I really enjoy saying this phrase, the word ‘cocktail’ conjures up so many mixtures of ideas, thoughts and creative juices. I recently premiered a work entitled Bar Veloce by the British composer Joseph Phibbs for the Cheltenham Festival.
He created the most wonderful collection of sorbets that needed juggling and shaking. One member of the audience said they felt intoxicated after the piece and I guess that is a great compliment! Joseph used a variety of names for each segment including Tequila Sunrise, Walking Zombie, Black Russian, Side Car and Manhattan, all invoking a rich cocktail of colours, smells and sounds and halcyon memories of warm evenings, a chink of ice and glass or two on the veranda!

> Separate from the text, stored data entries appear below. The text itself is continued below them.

Lemma find_iota0 (p : pred nat) n e : e <= n ->
  (forall l, l < e -> ~~ p l) -> (e < n -> p e) -> find p (iota 0 n) = e.
Proof.
move=> hen hmiss hhit; rewrite -(subnKC hen) iotaD find_cat size_iota.
have -> : has p (iota 0 e) = false.
  by apply/hasPn => l; rewrite mem_iota => /andP[_ /hmiss].
case E: (n - e) => [|d] /=; first by rewrite addn0.
by rewrite hhit ?addn0 //; lia.
Qed.

Lemma sorted_map_iota (f : nat -> nat) N :
  (forall a b, a < b < N -> f a < f b) -> sorted ltn (map f (iota 0 N)).
Proof.
move=> hf; apply: (homo_sorted_in (P := gtn N)); last exact: iota_ltn_sorted.
- by move=> a b _; rewrite -topredE /= => hb hab; apply: hf; rewrite hab.
- by apply/allP => a; rewrite mem_iota.
Qed.

Lemma nth_spread_iota N' N (f : nat -> nat) b a :
  (forall a b, a < b < N -> f a < f b) -> a < N -> f a < N' ->
  nth false (spread N' (map f (iota 0 N)) b) (f a) = nth false b a.
Proof.
move=> hf ha hfa; have hu := sorted_uniq ltn_trans ltnn (sorted_map_iota hf).
have hnth : nth 0 (map f (iota 0 N)) a = f a by rewrite (nth_map 0) ?size_iota // nth_iota.
by rewrite -hnth nth_spread ?size_map ?size_iota ?hnth.
Qed.

Section Embedding.
Variables (s t : nat) (e : 'I_s) (q : qsent t) (m' : nat).
Variables (tau : nat -> seq term -> fo t) (in_image : nat -> fo t).

Let Xs := q_vars q.
Let k := size Xs.
Let vars := iota 0 m'.

(* [tau X xs] translates the atom [X(xs)], and [in_image i], with free variables [vars],
   says that the bit of [X_i] at that tuple is the image of a bit of the original code. *)

Definition off_image : fo t :=
  fo_or [seq fo_exists vars (FAnd (FRel t (nth 0 Xs i) (map TVar vars)) (FNot (in_image i)))
        | i <- iota 0 k].
Lemma bounded_epow f n : bounded f -> bounded (epow f n).
Proof. by move=> hf; elim: n => [|n IH]; [apply: bounded_eword | apply: bounded_mul]. Qed.

Lemma bounded_Q' : bounded (Q' R).
Proof. by do 2?apply: bounded_sub; do ?apply: bounded_mul; apply: bounded_eword. Qed.

Lemma bounded_mono m : bounded (mono R m).
Proof.
case: m => [[[[r s] t] u] v]; rewrite /mono.
apply: bounded_mul (bounded_epow _ bounded_Q').
have hw x n : bounded (epow (egen R x) n) by apply/bounded_epow/bounded_eword.
by do 3![apply: bounded_mul; last exact: hw]; exact: hw.
Qed.

Fixpoint words_of_size n : seq (seq gen) :=
  if n is n'.+1 then [seq x :: w | x <- enum gen, w <- words_of_size n'] else [:: [::]].

Fixpoint words_below N : seq (seq gen) :=
  if N is N'.+1 then words_below N' ++ words_of_size N' else [::].

Lemma mem_words_of_size n w : (w \in words_of_size n) = (size w == n).
Proof.
elim: n w => [|n IH] w /=; first by rewrite inE size_eq0.
apply/allpairsP/idP => [[[x v] /= [_ hv ->]]|]; first by rewrite /= eqSS -IH.
case: w => [//|x v] /=; rewrite eqSS -IH => hv.
by exists (x, v); rewrite mem_enum.
Qed.

Lemma uniq_words_of_size n : uniq (words_of_size n).
Proof.
elim: n => [//|n IH] /=.
apply: allpairs_uniq => //; first exact: enum_uniq.
by move=> [x v] [y u] _ _ /= [-> ->].
Qed.

Lemma mem_words_below N w : (w \in words_below N) = (size w < N)%N.
Proof.
elim: N => [//|N IH].
by rewrite /= mem_cat IH mem_words_of_size orbC -leq_eqVlt.
Qed.

Lemma uniq_words_below N : uniq (words_below N).
Proof.
elim: N => [//|N IH] /=; rewrite cat_uniq IH uniq_words_of_size andbT /=.
by apply/hasPn => w; rewrite mem_words_of_size mem_words_below => /eqP ->; rewrite ltnn.
Qed.

Definition ecomb (s : seq (seq gen)) (c : seq gen -> C) : E :=
  fun v => \sum_(w <- s) c w * eword R w v.

Lemma ecomb_nil c : ecomb [::] c = ezero R.
Proof. by apply: funext => v; rewrite /ecomb big_nil. Qed.

Lemma ecomb_cons w s c : ecomb (w :: s) c = eadd (escale (c w) (eword R w)) (ecomb s c).
Proof. by apply: funext => v; rewrite /ecomb big_cons. Qed.

Lemma supp_below_ecomb f N : supp_below f N -> f = ecomb (words_below N) f.
Proof.
move=> hf; apply: funext => v; rewrite /ecomb.
under eq_bigr do rewrite /eword mulrC eq_sym.
rewrite sum_indicator ?uniq_words_below // mem_words_below.
by case: ltnP => // hv; rewrite hf.
Qed.

Lemma fin_supp_bounded f : fin_supp f -> bounded f.
Proof.
move=> [s hs]; exists (\max_(w <- s) size w).+1 => w hw; apply: hs.
apply/negP => ws; move: hw; rewrite ltnNge => /negP; apply.
by rewrite (leq_bigmax_seq _ ws).
Qed.

End FreeAlgebra.

Section Congruence.
Variables (R : realType) (q : R).
Local Notation E := (elt R).

Lemma in_ideal0 : in_ideal q (ezero R).
Proof.
apply: (@ideal_ext _ _ (escale 0 (nth (ezero R) (rels q) 0))).
  by apply: ideal_scale; apply: ideal_rel.
by move=> w; rewrite /escale mul0r.
Qed.

Lemma in_ideal_lmul g f : bounded g -> in_ideal q f -> in_ideal q (emul g f).
Proof.
move=> [N /supp_below_ecomb ->] hf; elim: (words_below N) => [|w s IH].
  by rewrite ecomb_nil emul0l; apply: in_ideal0.
by rewrite ecomb_cons emulDl emulZl; apply: ideal_add => //; apply/ideal_scale/ideal_lmul.
Qed.

Lemma in_ideal_rmul g f : bounded g -> in_ideal q f -> in_ideal q (emul f g).
Proof.
move=> [N /supp_below_ecomb ->] hf; elim: (words_below N) => [|w s IH].
  by rewrite ecomb_nil emul0r; apply: in_ideal0.
by rewrite ecomb_cons emulDr emulZr; apply: ideal_add => //; apply/ideal_scale/ideal_rmul.
Qed.

Definition eqmod (f g : E) := in_ideal q (esub f g).

Lemma eqmod_by h f g : in_ideal q h -> esub f g = h -> eqmod f g.
Proof. by move=> hh e; rewrite /eqmod e. Qed.

Lemma eqmod_of_eq f g : f = g -> eqmod f g.
Proof.
by move=> <-; apply: eqmod_by in_ideal0 _; apply: funext => w; rewrite /esub /eadd /escale /ezero; ring.
Qed.

Lemma eqmod_trans f g h : eqmod f g -> eqmod g h -> eqmod f h.
Proof.
move=> h1 h2; apply: eqmod_by (ideal_add h1 h2) _.
by apply: funext => w; rewrite /esub /eadd /escale; ring.
Qed.

Lemma eqmod_add f1 f2 g1 g2 : eqmod f1 g1 -> eqmod f2 g2 -> eqmod (eadd f1 f2) (eadd g1 g2).
Proof.
move=> h1 h2; apply: eqmod_by (ideal_add h1 h2) _.
by apply: funext => w; rewrite /esub /eadd /escale; ring.
Qed.

Lemma eqmod_scale a f g : eqmod f g -> eqmod (escale a f) (escale a g).
Proof.
move=> h; apply: eqmod_by (ideal_scale a h) _.
by apply: funext => w; rewrite /esub /eadd /escale; ring.
Qed.
Lemma row_sum_le1 i M : \sum_(j < M) `|T (unit_seq j) i| <= 1.
Proof.
pose s j : R := if 0 <= T (unit_seq j) i then 1 else -1.
have -> : \sum_(j < M) `|T (unit_seq j) i| = T (trunc M s) i.
  rewrite T_trunc; apply: eq_bigr => j _; rewrite /s.
  by case: lerP => h; [rewrite mul1r ger0_norm | rewrite mulN1r ltr0_norm].
apply: le_trans (ler_norm _) _; apply: normr_T_le => n.
rewrite /trunc /s; case: ifP => _; rewrite ?normr0 //.
by case: ifP; rewrite ?normrN normr1.
Qed.

Lemma sqsum_T_trunc_le N M y : sqsum N (T (trunc M y)) <= sqsum M y.
Proof.
rewrite /sqsum; under eq_bigr do rewrite T_trunc.
have row i : (\sum_(j < M) y j * T (unit_seq j) i) ^+ 2 <=
             \sum_(j < M) `|T (unit_seq j) i| * y j ^+ 2.
  under eq_bigr do rewrite mulrC.
  apply: le_trans (sqr_comb_le M (fun j => T (unit_seq j) i) y) _.
  rewrite ler_piMl ?row_sum_le1 //.
  by rewrite sumr_ge0 // => j _; rewrite mulr_ge0 ?sqr_ge0.
rewrite (le_trans (ler_sum _ (fun (i : 'I_N) _ => row i))) // exchange_big.
by apply: ler_sum => j _; rewrite -mulr_suml ler_piMl ?sqr_ge0 ?col_sum_le1.
Qed.

Lemma l2_le_T y B : l2_le y B -> l2_le (T y) B.
Proof.
move=> hy N; have y_c0 := l2_le_in_c0 hy; have y_linf := in_c0_in_linf y_c0.
have hcvg i : (fun M => T (trunc M y) i) @ \oo --> T y i.
  apply/cvgrPdist_le => e e_gt0; have [M0 hM0] := trunc_approx y_c0 e_gt0.
  exists M0 => // M /hM0 /(normr_T_le i).
  by rewrite T_sub //; exact: in_linf_trunc.
have hS := @cvg_sqsum R N (fun M => T (trunc M y)) (T y) hcvg.
apply: (closed_cvg _ (@closed_le _ B) _ _ hS).
by near=> M; exact: le_trans (sqsum_T_trunc_le N M y) (hy M).
Unshelve. all: by end_near.
Qed.

Lemma l2_le_iter k y B : l2_le y B -> l2_le (iter k T y) B.
Proof. by move=> hy; elim: k => [|k IH] //=; exact: l2_le_T. Qed.

Lemma l2_le_cesaro n y B : l2_le y B -> l2_le (A y n) B.
Proof.
move=> hy N; have B_ge0 := l2_le_ge0 hy.
have -> : A y n = fun i => \sum_(k < n) n%:R^-1 * iter k T y i.
  by apply: funext => i; rewrite /ds_cesaro mulr_sumr.
apply: (le_trans (l2_le_comb (fun=> n%:R^-1) (fun k : 'I_n => l2_le_iter k hy) N)).
rewrite sumr_const card_ord ger0_norm ?invr_ge0 //.
case: n => [|n]; first by rewrite mulr0n expr0n mul0r.
by rewrite -[_ *+ _]mulr_natr mulVf ?pnatr_eq0 // expr1n mul1r.
Qed.

Definition orbit_hull x z := exists K (l : nat -> R),
  [/\ forall k, 0 <= l k, \sum_(k < K) l k = 1
    & z = fun i => \sum_(k < K) l k * iter k T x i].

Lemma orbit_hull_self x : orbit_hull x x.
Proof.
exists 1%N, (fun=> 1); split => //; first by rewrite big_ord1.
by apply: funext => i; rewrite big_ord1 mul1r.
Qed.

Lemma orbit_hull_l2 x z B : l2_le x B -> orbit_hull x z -> l2_le z B.
Proof.
move=> hx [K [l [l_ge0 l1 ->]]].
have -> : B = (\sum_(k < K) `|l k|) ^+ 2 * B.
  by under eq_bigr do rewrite ger0_norm //; rewrite l1 expr1n mul1r.
exact: l2_le_comb (fun k : 'I_K => l2_le_iter k hx).
Qed.

Lemma orbit_hull_cesaro x n : (0 < n)%N -> orbit_hull x (A x n).
Proof.
move=> n_gt0; exists n, (fun=> n%:R^-1); split => [k||].
- by rewrite invr_ge0.
- by rewrite sumr_const card_ord -[_ *+ _]mulr_natr mulVf // pnatr_eq0 -lt0n.
- by apply: funext => i; rewrite /ds_cesaro mulr_sumr.
Qed.

Lemma orbit_hull_midpoint x z1 z2 : orbit_hull x z1 -> orbit_hull x z2 ->
  orbit_hull x (fun i => (z1 i + z2 i) / 2).
Proof.
move=> [K1 [l1 [l1_ge0 l1_1 ->]]] [K2 [l2 [l2_ge0 l2_1 ->]]].
have [le1 le2] := (leq_maxl K1 K2, leq_maxr K1 K2).
exists (maxn K1 K2), (fun k => (trunc K1 l1 k + trunc K2 l2 k) / 2); split.
- by move=> k; rewrite divr_ge0 // addr_ge0 // /trunc; case: ifP.
- by rewrite -mulr_suml big_split /= !sum_trunc // l1_1 l2_1 divff.
- apply: funext => i.
  pose u k := iter k T x i.
  under [RHS]eq_bigr do rewrite mulrAC mulrDl (trunc_mulr _ _ u) (trunc_mulr _ _ u).
  by rewrite -mulr_suml big_split /= !sum_trunc.
Qed.

Lemma cesaro_sub_T y n i :
  A y n i - A (T y) n i = n%:R^-1 * (y i - iter n T y i).
Proof.
rewrite /ds_cesaro -mulrBr -sumrB.
by under eq_bigr do rewrite -iterSr; rewrite (sumr_sub_succ (fun k => iter k T y i)).
Qed.

Lemma l2_le_cesaro_sub_T y B n : l2_le y B ->
  l2_le (fun i => A y n i - A (T y) n i) (4 * B / n%:R ^+ 2).
Proof.
move=> hy N; under eq_fun do rewrite cesaro_sub_T.
rewrite sqsum_scale exprVn mulrC ler_wpM2r ?invr_ge0 ?exprn_ge0 //.
apply: le_trans (sqsum_sub_le _ _ _) _.
by have := hy N; have := l2_le_iter n hy N; lra.
Qed.

Lemma l2_le_cesaro_sub_iter x B n k : l2_le x B ->
  l2_le (fun i => A x n i - A (iter k T x) n i) ((2 * k%:R) ^+ 2 * B / n%:R ^+ 2).
Proof.
move=> hx.
have -> : (fun i => A x n i - A (iter k T x) n i) =
          fun i => \sum_(j < k) 1 * (A (iter j T x) n i - A (T (iter j T x)) n i).
  apply: funext => i; under eq_bigr do rewrite mul1r -iterS.
  by rewrite (sumr_sub_succ (fun j => A (iter j T x) n i)).
have hj (j : 'I_k) := l2_le_cesaro_sub_T n (l2_le_iter j hx).
move=> N; apply: (le_trans (@l2_le_comb _ k (fun=> 1)
  (fun j i => A (iter j T x) n i - A (T (iter j T x)) n i) _ hj N)).
by rewrite sumr_const card_ord normr1 -[_ *+ _]mulr_natr mul1r; lra.
Qed.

When a composer agrees to write a composition for me I always make a point of inviting them to my studio. They walk in and their faces immediately light up as the room begins to take effect and they become almost childlike when they see before them what has been described as an Aladdins’ cave of instruments.
The next question is always “Wow! what sound does that make?” followed by wonderment and awe of seeing so many instruments in one place and wanting to try them all at once – a bit like the candy store of percussion! The next thing that happens is the composer often forgets the piece they might have had in mind as they are transported to a world of new experiences and I really enjoy seeing that process happen. Of course I have to remind them that nowadays it can be an expensive affair to hire or transport instruments around and they must try to keep the amount of instruments to a minimum for the piece they are about to write.
On Joseph’s first visit, his imagination was immediately stimulated in ways he had not previously considered and he went away and began to compose his piece with gusto. His ideas of using cocktails remained solid but now he had begun to see so many other possibilities for creating music to match his ideas and he really took on board the concept of using unusual items and breathing life into every day items such as bottles, cereal packets, boxes of matches and of course cocktail shakers.
As I have done many times I embarked on a journey of discovery and shared ideas with Joseph about how his music could come to life by adding my interpretation. This is a very special time for me, it can be very hard work and time consuming but the creative element always pay wonderful rewards and the audience and reviews were delighted with the piece.
When I see very young children playing with household items such as pots and pans, wooden spoons and tin cans it reminds me that we really do not need a whole gamut of expensive instruments to create intriguing sounds. What we do need is patience and the understanding of how to put those elements of sound together to bring out the melody, rhythm and timbre which is why we need education!
I am an enormous supporter of good education especially music education and I have campaigned all my life for children to have the opportunities – there minds are so receptive and uninhibited. They learn without prejudice and the experience offers them a chance for excellent social interaction as well as team work not to mention maths and many others cross curricular skills.
I am always delighted too when parents and schools bring their children along to performances so that they experience the organic production of music in all its glory. The sound of a gong drum with it’s lengthy sustain or the high pitch of one of Richard Waters’ waterphones simply cannot be reproduced on a computer or DVD it needs to be felt and time needs to be spent listening to its duration and wait as the sound bounces around the room. One of the most exciting things I used to experience as a child was to create echoes in a local cavern – my brothers and I would shout and bellow and listen carefully for the sound to return to us – why not try this with your children – you have my word it is great fun and very therapeutic!